WHAT YOU SHOULD DO: From the entries below, return only the lines starting at the one that contains "- destruct H as [H | H]." and ending at the one that contains "assert (Hup : forall", exactly as they stand.

───── GIVEN RECORDS ─────

(* Consider an implication of canonical form $(\ast)$ and an environment $\eta$ such that there is exactly one conjunct ($M=1$) and $\Pi(1)\ge\Omega(j)$ for all $1\le j\le N$. If the implication is unary $\eta$-valid, then the Parametricity Condition holds for it and $\eta$.
   Context: $\mathsf{Heap}$: finite partial functions $\mathsf{PosInt}\to\mathsf{Int}$; $g\sqsubseteq h$ means $h$ extends $g$; $h\cdot g$ union of disjoint heaps; componentwise on $\mathsf{Heap}^n$. $\mathsf{IRel}_n$: upward closed subsets of $\mathsf{Heap}^n$; $p*q=\{\mathbf f\cdot\mathbf g\mid\mathbf f\in p,\mathbf g\in q,\text{componentwise disjoint}\}$; $\Delta_n(X)=\{(h_1,\dots,h_n)\mid\exists f\in X.\ \forall k.\ f\sqsubseteq h_k\}$. Assertions: built from primitive assertions $P$, assertion variables, $\mathsf{true},\mathsf{false},\wedge,\vee,*$, quantifiers over integer variables. $n$-ary meaning under $\eta$ and $\rho:\mathsf{AVar}\to\mathsf{IRel}_n$: $[\![P]\!]^n=\Delta_n([\![P]\!]^{\mathrm{prim}}_\eta)$, $[\![a]\!]^n=\rho(a)$, connectives by $\mathsf{Heap}^n,\emptyset,\cap,\cup,*$, quantifiers by unions/intersections. $n$-ary $\eta$-validity of $\varphi\Rightarrow\psi$: $[\![\varphi]\!]^n_{\eta,\rho}\subseteq[\![\psi]\!]^n_{\eta,\rho}$ for all $\rho:\mathsf{AVar}\to\mathsf{IRel}_n$ (unary: $n=1$). Canonical form $(\ast)$: $\bigwedge_{i=1}^M\varphi_i*a_{i,1}*\cdots*a_{i,M_i}\Rightarrow\bigvee_{j=1}^N\psi_j*b_{j,1}*\cdots*b_{j,N_j}$, $M\ge1$, $N\ge0$, $\varphi_i,\psi_j$ free of assertion variables, every $b_{j,k}$ among the $a_{i,k}$. $V=\{a_{i,k}\}$; $\Pi(i)(c)=|\{k\mid a_{i,k}=c\}|$, $\Omega(j)(c)=|\{k\mid b_{j,k}=c\}|$; $\Pi(i)\ge\Omega(j)$ iff $\Pi(i)(c)\ge\Omega(j)(c)$ for all $c\in V$. Disjunct $j$ is empty if $N_j=0$. Parametricity Condition: for all $h,h_1,\dots,h_M\in\mathsf{Heap}$ with $h_i\sqsubseteq h$ and $h_i\in[\![\varphi_i]\!]^1_\eta$ for all $i$, either (1) there are $i,j$ with $h_i\in[\![\psi_j]\!]^1_\eta$ and $\Pi(i)\ge\Omega(j)$, or (2) there is an empty disjunct $j$ with $h\in[\![\psi_j]\!]^1_\eta$. *)

From Stdlib Require Import ZArith List PeanoNat Fin.
Import ListNotations.

Record heap := Heap {
  hf : positive -> option Z;
  hfin : exists l : list positive, forall p, hf p <> None -> In p l }.

Definition sub_heap (g h : heap) : Prop :=
  forall p v, hf g p = Some v -> hf h p = Some v.

Definition hdisj (g h : heap) : Prop :=
  forall p, hf g p = None \/ hf h p = None.

Definition hunion_fun (g h : heap) (p : positive) : option Z :=
  match hf g p with Some v => Some v | None => hf h p end.

Lemma hunion_fin (g h : heap) :
  exists l : list positive, forall p, hunion_fun g h p <> None -> In p l.
Proof.
  destruct (hfin g) as [l1 H1]; destruct (hfin h) as [l2 H2].
  exists (l1 ++ l2); intros p Hp; apply in_or_app; unfold hunion_fun in Hp.
  destruct (hf g p) eqn:E.
  - left; apply H1; rewrite E; discriminate.
  - right; apply H2; exact Hp.
Qed.

(* h · g (meaningful for disjoint heaps) *)
Definition hunion (g h : heap) : heap := Heap (hunion_fun g h) (hunion_fin g h).

Definition hvec (n : nat) := Fin.t n -> heap.

Definition upclosed {n : nat} (p : hvec n -> Prop) : Prop :=
  forall hs hs', (forall k, sub_heap (hs k) (hs' k)) -> p hs -> p hs'.

(* ---------- Assertions ----------
   Integer variables and assertion variables are both indexed by nat;
   primitive assertions range over an arbitrary type Pr. *)
Inductive assertion (Pr : Type) : Type :=
| APrim : Pr -> assertion Pr
| AVar  : nat -> assertion Pr
| ATrue : assertion Pr
| AFalse : assertion Pr
| AAnd  : assertion Pr -> assertion Pr -> assertion Pr
| AOr   : assertion Pr -> assertion Pr -> assertion Pr
| AStar : assertion Pr -> assertion Pr -> assertion Pr
| AEx   : nat -> assertion Pr -> assertion Pr
| AAll  : nat -> assertion Pr -> assertion Pr.
Arguments APrim {Pr}. Arguments AVar {Pr}. Arguments ATrue {Pr}.
Arguments AFalse {Pr}. Arguments AAnd {Pr}. Arguments AOr {Pr}.
Arguments AStar {Pr}. Arguments AEx {Pr}. Arguments AAll {Pr}.

Definition env := nat -> Z.
Definition upd (eta : env) (x : nat) (v : Z) : env :=
  fun y => if Nat.eqb y x then v else eta y.

Fixpoint sem {Pr : Type} (prim_sem : Pr -> env -> heap -> Prop) (n : nat)
    (eta : env) (rho : nat -> hvec n -> Prop) (A : assertion Pr) : hvec n -> Prop :=
  match A with
  | APrim P => fun hs => exists f, prim_sem P eta f /\ forall k, sub_heap f (hs k)
  | AVar a => rho a
  | ATrue => fun _ => True
  | AFalse => fun _ => False
  | AAnd p q => fun hs => sem prim_sem n eta rho p hs /\ sem prim_sem n eta rho q hs
  | AOr p q => fun hs => sem prim_sem n eta rho p hs \/ sem prim_sem n eta rho q hs
  | AStar p q => fun hs => exists f g : hvec n,
        (forall k, hdisj (f k) (g k)) /\ sem prim_sem n eta rho p f /\
        sem prim_sem n eta rho q g /\ hs = (fun k => hunion (f k) (g k))
  | AEx x p => fun hs => exists v : Z, sem prim_sem n (upd eta x v) rho p hs
  | AAll x p => fun hs => forall v : Z, sem prim_sem n (upd eta x v) rho p hs
  end.

Definition valid {Pr : Type} (prim_sem : Pr -> env -> heap -> Prop) (n : nat)
    (eta : env) (A B : assertion Pr) : Prop :=
  forall rho : nat -> hvec n -> Prop, (forall a, upclosed (rho a)) ->
    forall hs, sem prim_sem n eta rho A hs -> sem prim_sem n eta rho B hs.

(* unary meaning: h ∈ [[A]]^1_eta  (independent of rho for variable-free A) *)
Definition usem {Pr : Type} (prim_sem : Pr -> env -> heap -> Prop) (eta : env)
    (A : assertion Pr) (h : heap) : Prop :=
  sem prim_sem 1 eta (fun _ _ => False) A (fun _ => h).

Fixpoint avar_free {Pr : Type} (A : assertion Pr) : Prop :=
  match A with
  | AVar _ => False
  | APrim _ | ATrue | AFalse => True
  | AAnd p q | AOr p q | AStar p q => avar_free p /\ avar_free q
  | AEx _ p | AAll _ p => avar_free p
  end.

(* ---------- Canonical form (ast) ----------
   A conjunct/disjunct is a pair (phi, [a_1; ...; a_k]) standing for
   phi * a_1 * ... * a_k (left-associated). *)
Definition chain {Pr : Type} (c : assertion Pr * list nat) : assertion Pr :=
  fold_left (fun acc a => AStar acc (AVar a)) (snd c) (fst c).

Fixpoint bigAnd {Pr : Type} (l : list (assertion Pr)) : assertion Pr :=
  match l with
  | [] => ATrue
  | [x] => x
  | x :: xs => AAnd x (bigAnd xs)
  end.

Fixpoint bigOr {Pr : Type} (l : list (assertion Pr)) : assertion Pr :=
  match l with
  | [] => AFalse
  | [x] => x
  | x :: xs => AOr x (bigOr xs)
  end.

Definition lhs_of {Pr : Type} (L : list (assertion Pr * list nat)) : assertion Pr :=
  bigAnd (map chain L).
Definition rhs_of {Pr : Type} (R : list (assertion Pr * list nat)) : assertion Pr :=
  bigOr (map chain R).

Definition Vars {Pr : Type} (L : list (assertion Pr * list nat)) : list nat :=
  concat (map snd L).

Definition canonical {Pr : Type} (L R : list (assertion Pr * list nat)) : Prop :=
  1 <= length L /\
  (forall c, In c L -> avar_free (fst c)) /\
  (forall c, In c R -> avar_free (fst c)) /\
  (forall c b, In c R -> In b (snd c) -> In b (Vars L)).

(* 0-based indices: i < M, j < N *)
Definition conj_at {Pr : Type} (L : list (assertion Pr * list nat)) (i : nat) :=
  nth i L (ATrue, []).

Definition Pi {Pr : Type} (L : list (assertion Pr * list nat)) (i c : nat) : nat :=
  count_occ Nat.eq_dec (snd (conj_at L i)) c.

Definition Omega {Pr : Type} (R : list (assertion Pr * list nat)) (j c : nat) : nat :=
  count_occ Nat.eq_dec (snd (conj_at R j)) c.

Definition Pi_ge_Omega {Pr : Type} (L R : list (assertion Pr * list nat)) (i j : nat) : Prop :=
  forall c, In c (Vars L) -> Omega R j c <= Pi L i c.

Definition parametricity {Pr : Type} (prim_sem : Pr -> env -> heap -> Prop)
    (eta : env) (L R : list (assertion Pr * list nat)) : Prop :=
  forall (h : heap) (hs : nat -> heap),
    (forall i, i < length L ->
        sub_heap (hs i) h /\ usem prim_sem eta (fst (conj_at L i)) (hs i)) ->
    (exists i j, i < length L /\ j < length R /\
        usem prim_sem eta (fst (conj_at R j)) (hs i) /\ Pi_ge_Omega L R i j)
    \/
    (exists j, j < length R /\ snd (conj_at R j) = [] /\
        usem prim_sem eta (fst (conj_at R j)) h).

(* Proof idea: interpret every assertion variable by the full relation
   Heap (which is upward closed and contains the empty heap).  If h_1
   satisfies phi, then h_1 = h_1 . emp . ... . emp satisfies the conjunct,
   so by validity h_1 satisfies some disjunct psi_j * b_{j,1} * ...; hence a
   subheap of h_1 satisfies psi_j, and by upward closure so does h_1.  With
   Pi(1) >= Omega(j) given, this is alternative (1) of the condition. *)

From Stdlib Require Import ZArith List PeanoNat.
From Stdlib Require Import FunctionalExtensionality ProofIrrelevance Lia.
Import ListNotations.

Lemma heap_ext (g h : heap) : (forall p, hf g p = hf h p) -> g = h.
Proof.
  destruct g as [g gfin], h as [h hfin']; simpl; intros E.
  assert (g = h) by (apply functional_extensionality; exact E); subst.
  f_equal; apply proof_irrelevance.
Qed.

Definition hemp : heap.
Proof. refine (Heap (fun _ => None) _); exists nil; intros p H; congruence. Defined.

Lemma hunion_hemp_r (h : heap) : hunion h hemp = h.
Proof.
  apply heap_ext; intros p; simpl; unfold hunion_fun.
  destruct (hf h p); reflexivity.
Qed.

Definition hdiff_fun (h f : heap) (p : positive) : option Z :=
  match hf f p with Some _ => None | None => hf h p end.

Lemma hdiff_fin (h f : heap) :
  exists l : list positive, forall p, hdiff_fun h f p <> None -> In p l.
Proof.
  destruct (hfin h) as [l Hl]; exists l; intros p Hp; apply Hl.
  unfold hdiff_fun in Hp; destruct (hf f p); [congruence | exact Hp].
Qed.

Definition hdiff (h f : heap) : heap := Heap (hdiff_fun h f) (hdiff_fin h f).

Lemma hdisj_hdiff (h f : heap) : hdisj f (hdiff h f).
Proof. intros p; simpl; unfold hdiff_fun; destruct (hf f p); auto. Qed.

Lemma hunion_hdiff (f h : heap) : sub_heap f h -> hunion f (hdiff h f) = h.
Proof.
  intros Hfh; apply heap_ext; intros p; cbn; unfold hunion_fun; cbn; unfold hdiff_fun.
  destruct (hf f p) eqn:E; [symmetry; exact (Hfh p _ E) | reflexivity].
Qed.

Lemma hdiff_mono (f g h : heap) :
  hdisj f g -> sub_heap (hunion f g) h -> sub_heap g (hdiff h f).
Proof.
  intros D Hh p v Hv; simpl; unfold hdiff_fun.
  destruct (D p) as [Hn | Hn]; [|congruence].
  rewrite Hn; apply Hh; simpl; unfold hunion_fun; rewrite Hn; exact Hv.
Qed.

Lemma sub_heap_hunion_l (f g : heap) : sub_heap f (hunion f g).
Proof. intros p v Hv; simpl; unfold hunion_fun; rewrite Hv; reflexivity. Qed.

Section Semantics.
Variable Pr : Type.
Variable ps : Pr -> env -> heap -> Prop.

Lemma sem_rho_irrelevant n (A : assertion Pr) :
  avar_free A -> forall eta rho rho' hs,
  sem ps n eta rho A hs -> sem ps n eta rho' A hs.
Proof.
  induction A; simpl; intros Hfree eta rho rho' hs H; try tauto.
  - destruct Hfree, H; split; eauto.
  - destruct Hfree, H; [left | right]; eauto.
  - destruct Hfree as [H1 H2], H as (f & g & D & Hp & Hq & E).
    exists f, g; repeat split; eauto.
  - destruct H as [v Hv]; exists v; eauto.
  - intros v; eauto.
Qed.

Lemma sem_upclosed n (A : assertion Pr) :
  forall eta rho, (forall a, upclosed (rho a)) -> upclosed (sem ps n eta rho A).
Proof.
  induction A as [P | a | | | A1 IH1 A2 IH2 | A1 IH1 A2 IH2 | A1 IH1 A2 IH2
                 | x A IH | x A IH];
    simpl; intros eta rho Hrho hs hs' Hs H; try tauto.
  - destruct H as [f [Hp Hk]]; exists f; split; [exact Hp|].
    intros k p v Hv; apply Hs, Hk, Hv.
  - exact (Hrho a hs hs' Hs H).
  - destruct H; split; [eapply IH1 | eapply IH2]; eauto.
  - destruct H; [left; eapply IH1 | right; eapply IH2]; eauto.
  - destruct H as (f & g & D & Hp & Hq & ->).
    exists f, (fun k => hdiff (hs' k) (f k)); repeat split.
    + intros k; apply hdisj_hdiff.
    + exact Hp.
    + apply (IH2 eta rho Hrho g); [|exact Hq].
      intros k; apply hdiff_mono; auto.
    + apply functional_extensionality; intros k.
      symmetry; apply hunion_hdiff.
      intros p v Hv; apply Hs, sub_heap_hunion_l, Hv.
  - destruct H as [v Hv]; exists v; eapply IH; eauto.
  - intros v; eapply IH; eauto.
Qed.

Definition star_var (acc : assertion Pr) (a : nat) : assertion Pr :=
  AStar acc (AVar a).

(* If every variable holds of the empty heaps, a chain holds wherever its
   base does: pad with empty heaps. *)
Lemma chain_of_base n eta (rho : nat -> hvec n -> Prop) (l : list nat) :
  (forall a, rho a (fun _ => hemp)) ->
  forall acc hs, sem ps n eta rho acc hs ->
  sem ps n eta rho (fold_left star_var l acc) hs.
Proof.
  intros Hemp; induction l as [|a l IH]; simpl; intros acc hs H; [exact H|].
  apply IH; exists hs, (fun _ => hemp); split; [|split; [exact H | split; [apply Hemp|]]].
  - intros k p; right; reflexivity.
  - apply functional_extensionality; intros k; symmetry; apply hunion_hemp_r.
Qed.

Lemma base_of_chain n eta rho (l : list nat) :
  forall acc hs, sem ps n eta rho (fold_left star_var l acc) hs ->
  exists hs', (forall k, sub_heap (hs' k) (hs k)) /\ sem ps n eta rho acc hs'.
Proof.
  induction l as [|a l IH]; simpl; intros acc hs H.
  - exists hs; split; [intros k p v Hv; exact Hv | exact H].
  - destruct (IH _ _ H) as [hs' [Hsub Hx]].
    destruct Hx as (f & g & D & Hp & Hq & ->).
    exists f; split; [|exact Hp].
    intros k p v Hv; apply Hsub, sub_heap_hunion_l, Hv.
Qed.

Lemma rhs_disjunct n eta rho (R : list (assertion Pr * list nat)) hs :
  sem ps n eta rho (rhs_of R) hs ->
  exists j, j < length R /\ sem ps n eta rho (chain (conj_at R j)) hs.
Proof.
  unfold rhs_of, conj_at; revert hs.
  induction R as [|c [|c' R'] IH]; simpl; intros hs H.
  - destruct H.
  - exists 0; split; [lia | exact H].
  - destruct H as [H | H].
    + exists 0; split; [lia | exact H].
    + destruct (IH _ H) as [j [Hj Hs]]; exists (S j); simpl in *; split; [lia | exact Hs].
Qed.

Definition rho_full (n : nat) : nat -> hvec n -> Prop := fun _ _ => True.

Lemma valid_single_conjunct eta (c : assertion Pr * list nat)
    (R : list (assertion Pr * list nat)) (h : heap) :
  avar_free (fst c) ->
  (forall d, In d R -> avar_free (fst d)) ->
  valid ps 1 eta (chain c) (rhs_of R) ->
  usem ps eta (fst c) h ->
  exists j, j < length R /\ usem ps eta (fst (conj_at R j)) h.
Proof.
  intros Hc HR Hvalid Hh.
  assert (Hup : forall a, upclosed (rho_full 1 a)) by (intros a ? ? ? ?; exact I).
  assert (Hlhs : sem ps 1 eta (rho_full 1) (chain c) (fun _ => h)).
  { apply chain_of_base; [intros; exact I|].
    exact (sem_rho_irrelevant _ _ Hc _ _ _ _ Hh). }
  destruct (rhs_disjunct _ _ _ _ _ (Hvalid _ Hup _ Hlhs)) as [j [Hj Hdisj]].
  exists j; split; [exact Hj|].
  assert (Hfree : avar_free (fst (conj_at R j))) by (apply HR, nth_In, Hj).
  destruct (base_of_chain _ _ _ _ _ _ Hdisj) as [hs' [Hsub Hbase]].
  apply (sem_rho_irrelevant _ _ Hfree _ (rho_full 1)).
  exact (sem_upclosed _ _ _ _ Hup _ _ Hsub Hbase).
Qed.

End Semantics.

Theorem mainTheorem7 (Pr : Type) (prim_sem : Pr -> env -> heap -> Prop) (eta : env)
    (L R : list (assertion Pr * list nat)) :
  canonical L R ->
  length L = 1 ->
  (forall j, j < length R -> Pi_ge_Omega L R 0 j) ->
  valid prim_sem 1 eta (lhs_of L) (rhs_of R) ->
  parametricity prim_sem eta L R.
Proof.
  intros [_ [HL [HR _]]] Hlen Hdom Hvalid h hs Hhs.
  destruct L as [|c [|c' L']]; simpl in Hlen; try discriminate.
  destruct (Hhs 0 ltac:(simpl; lia)) as [_ Hbase].
  destruct (valid_single_conjunct _ _ eta c R (hs 0)
              (HL c (or_introl eq_refl)) HR Hvalid Hbase) as [j [Hj Hpsi]].
  left; exists 0, j; repeat split; [simpl; lia | exact Hj | exact Hpsi | exact (Hdom j Hj)].
Qed.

─────

RESPONSE AREA:
  - destruct H as [H | H].
    + exists 0; split; [lia | exact H].
    + destruct (IH _ H) as [j [Hj Hs]]; exists (S j); simpl in *; split; [lia | exact Hs].
Qed.

Definition rho_full (n : nat) : nat -> hvec n -> Prop := fun _ _ => True.

Lemma valid_single_conjunct eta (c : assertion Pr * list nat)
    (R : list (assertion Pr * list nat)) (h : heap) :
  avar_free (fst c) ->
  (forall d, In d R -> avar_free (fst d)) ->
  valid ps 1 eta (chain c) (rhs_of R) ->
  usem ps eta (fst c) h ->
  exists j, j < length R /\ usem ps eta (fst (conj_at R j)) h.
Proof.
  intros Hc HR Hvalid Hh.
  assert (Hup : forall a, upclosed (rho_full 1 a)) by (intros a ? ? ? ?; exact I).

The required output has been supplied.